Mrs. Mary Hartwell Catherwood followed Mr. Cable with a paper on "Form and Condensation in the Novel." We print a portion of Mrs. Catherwood's remarks, regretting that we have not space for them all.

"Whoever attempts a novel is supposed to have a

story to tell; and the manner of his telling it is almost as important as the story itself. It is always whatever variations the theme may take the story of a man and a woman ; often a sad, often an absurd story ; but one which is as fresh with every generation as new grass with the spring. The dear little maid whom you now call the light of your house will soon reach her version of it. She tells you in confidence, and with a stammer on the long word, that she has a prejudice against boys, and you know what that prejudice in the course of a few years will do with the incipient men who are hanging May-baskets or doing sums for her.
"It seems to me the best form for this story is the dramatic form. We want intensified life. 'It is the quality of the moment that imports,' says Emerson. Of what interest are our glacial periods, our slow transitions that change us we know not why ? Everyone can look back on many differing persons he has been in his time. And everyone is conscious of undeveloped identities hampered yet within him. The sweetest and sincerest natures have repressions and concealments. It is the result of these things which makes the story of life. You may put a microscope over a man and follow his trail day by day; but unless he reaches some stress of loving, suffering, doing, you soon lose interest in him. I delight in Jane Austen for the quality of her work. In the same way I enjoy the work of Mr. Howells. It is their dramatic grasp on the commonplace which makes these realists great.
"The most dramatic treatment cannot wholly present the beauty of one human soul, and the sternest analysis cannot reach all its convolutions of evil. Shakespeare knew his human soul. When we are very young we complain that he pictures us unfairly; but when we are older, we know. He took the great moments, that counted; and presented his men and women intensely alive.
"I have heard there are authors who do not rewrite and condense, who set down at the first stroke the word they want to use; the word which creates. But I never absolutely laid hands on one. The growth of a story is usually slow, like the growth of most plants. It is labor and delight, pain and pleasure, despair and hope. You cannot escape a pang. You must absolutely live it through ; and then try it by the test of ridicule of common standards, by the guage of human nature. I heard a judge say when he was a college student he kicked all the bark off a log in the campus, and wore out the backs of a new pair of trousers, trying to write a poem; and he made up his mind he was no poet. If the spirit of art had really been in him he would have recognized these agonies. It is not easy to speak the word except when it is easy ; when you

have those moments of clear seeing and that condensing grasp of your material which sometimes pay for days of worthless labor."

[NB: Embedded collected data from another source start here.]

Lemma is_maximal_imP S M :
  reflect (is_induced_matching e S M /\
           forall M' : {set {set T}}, M \proper M' -> ~~ is_induced_matching e S M')
          (is_maximal_im e S M).
Proof.
apply: (iffP andP) => [[indM /forallP maxM]|[indM maxM]]; split=> //.
  by move=> M' /(implyP (maxM M')).
by apply/forallP => M'; apply/implyP; apply: maxM.
Qed.

Lemma maximal_imW S M : is_maximal_im e S M -> is_induced_matching e S M.
Proof. by case/andP. Qed.

Lemma induced_matching_extend S M :
  is_induced_matching e S M -> ~~ is_maximal_im e S M ->
  exists2 M' : {set {set T}}, M \proper M' & is_induced_matching e S M'.
Proof.
move=> indM; rewrite /is_maximal_im indM /= => /forallPn[M'].
by rewrite negb_imply negbK => /andP[]; exists M'.
Qed.

Lemma maximal_im_add_edge S v p N :
  v \in S -> p \in S -> e v p -> is_maximal_im e (far S v p) N ->
  is_maximal_im e S ([set v; p] |: N).
Proof.
move=> vS pS evp /is_maximal_imP[indN maxN].
have vpN := matching_far_notin (induced_matchingW indN).
apply/is_maximal_imP; split; first exact: induced_matching_add_edge.
move=> M ltM; have vpM : [set v; p] \in M by rewrite (subsetP (proper_sub ltM)) ?setU11.
have ltN : N \proper M :\ [set v; p] by rewrite -[N](setU1K vpN) proper_setD1 ?setU11.
apply/negP => indM; move/negP: (maxN _ ltN); apply.
exact: induced_matching_drop_edge.
Qed.

Lemma maximal_im_drop_edge S v p M :
  is_maximal_im e S M -> [set v; p] \in M ->
  is_maximal_im e (far S v p) (M :\ [set v; p]).
Proof.
move=> /is_maximal_imP[indM maxM] vpM.
have [evp vS pS] := matching_mem_edge (induced_matchingW indM) vpM.
apply/is_maximal_imP; split; first exact: induced_matching_drop_edge.
move=> N ltN; apply/negP => indN.
have ltM : M \proper [set v; p] |: N.
  by rewrite -[M](setD1K vpM) proper_setU1 // (matching_far_notin (induced_matchingW indN)).
by move/negP: (maxM _ ltM); apply; apply: induced_matching_add_edge.
Qed.

Section VertexDeletion.
Variables (S : {set T}) (v : T).

Lemma in_drop_at M g : (g \in drop_at v M) = (g \in M) && (v \notin g).
Proof. by rewrite /drop_at !inE; case: (g \in M); rewrite ?andbT. Qed.

Lemma notin_cover_drop_at M : v \notin cover (drop_at v M).
Proof. by apply/negP => /bigcupP[g]; rewrite in_drop_at => /andP[_ /negP]. Qed.

Lemma matching_delete_notin_cover M : is_matching e (S :\ v) M -> v \notin cover M.
Proof.
move=> /matching_cover_sub/subsetP coverM.
by apply/negP => /coverM; rewrite !inE eqxx.
Qed.

Lemma induced_matching_delete M :
  is_induced_matching e S M -> v \notin cover M -> is_induced_matching e (S :\ v) M.
Proof.
move=> indM vM; apply: (induced_matching_widen indM); apply/subsetP => u uM.
rewrite in_setD1 (subsetP (matching_cover_sub (induced_matchingW indM)) u uM) andbT.
by apply: contraNneq vM => <-.
Qed.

The remaining papers of the session were as follows: "The Short Story," by Miss Alice French; "The New Motive in Fiction," by Mrs. Anna B. McMahan; "Local Color in Fiction," by Mr. Hamlin Garland ; and " Ebb-Tide in Realism," by Mr. Joseph Kirkland. The Friday session of the Congress seemed to arouse a more general public interest than any of the others, and was distinguished from them by the fact that all the papers presented upon this occasion were read by their authors. Our account has thus far dealt almost exclusively with the special subject of the Congress of Authors. When we consider the fact that this Congress has been the first of the sort to be held by writers in the English language, and the other fact that there existed in this country no definite association of literary workers to take charge of the arrangements, there is reason to congratulate the committees in charge upon the outcome of their enterprise. To the non-resident Committee of Cooperation, and particularly to its secretary, Professor George E. Woodberry, who labored long and strenuously for the success of the work, a special and hearty word of recognition is due. It is true that there have been many disappointments that some who should have taken part in the work declined the invitation to do so, and that others who had promised their help and their presence failed to come forward at the final moment, but, with allowance for all these mishaps, it must be admitted that the Congress achieved a distinct success, that its sessions were dignified and thought-provoking, that it attracted the serious attention of a considerable and influential public, and that it has paved the way for a better organization of authorship, and a better understanding of literature both in its commercial and its artistic aspects. The proceedings of the Congress of Authors will have many echoes in the periodical literature of the coming weeks ; and, if they shall be subsequently published, as is hoped, in permanent form, their effect will be felt far beyond the moment, and is likely to make itself apparent both in predicable and in unpredicable ways.
Of the four remaining Congresses of the week we have not, upon the present occasion, space to speak in detail. We must be content with saying that they brought to Chicago exceptionally large gatherings of the four classes of specialists to whom appeal was made, including many European scholars of the first rank ; that their programmes covered a very wide range of original research ; and that, in spite of the tropical temperature of the week, and the counter attractions of the World's Fair, they were attended by audiences commensurate with the interest and importance of what the proceedings had to offer.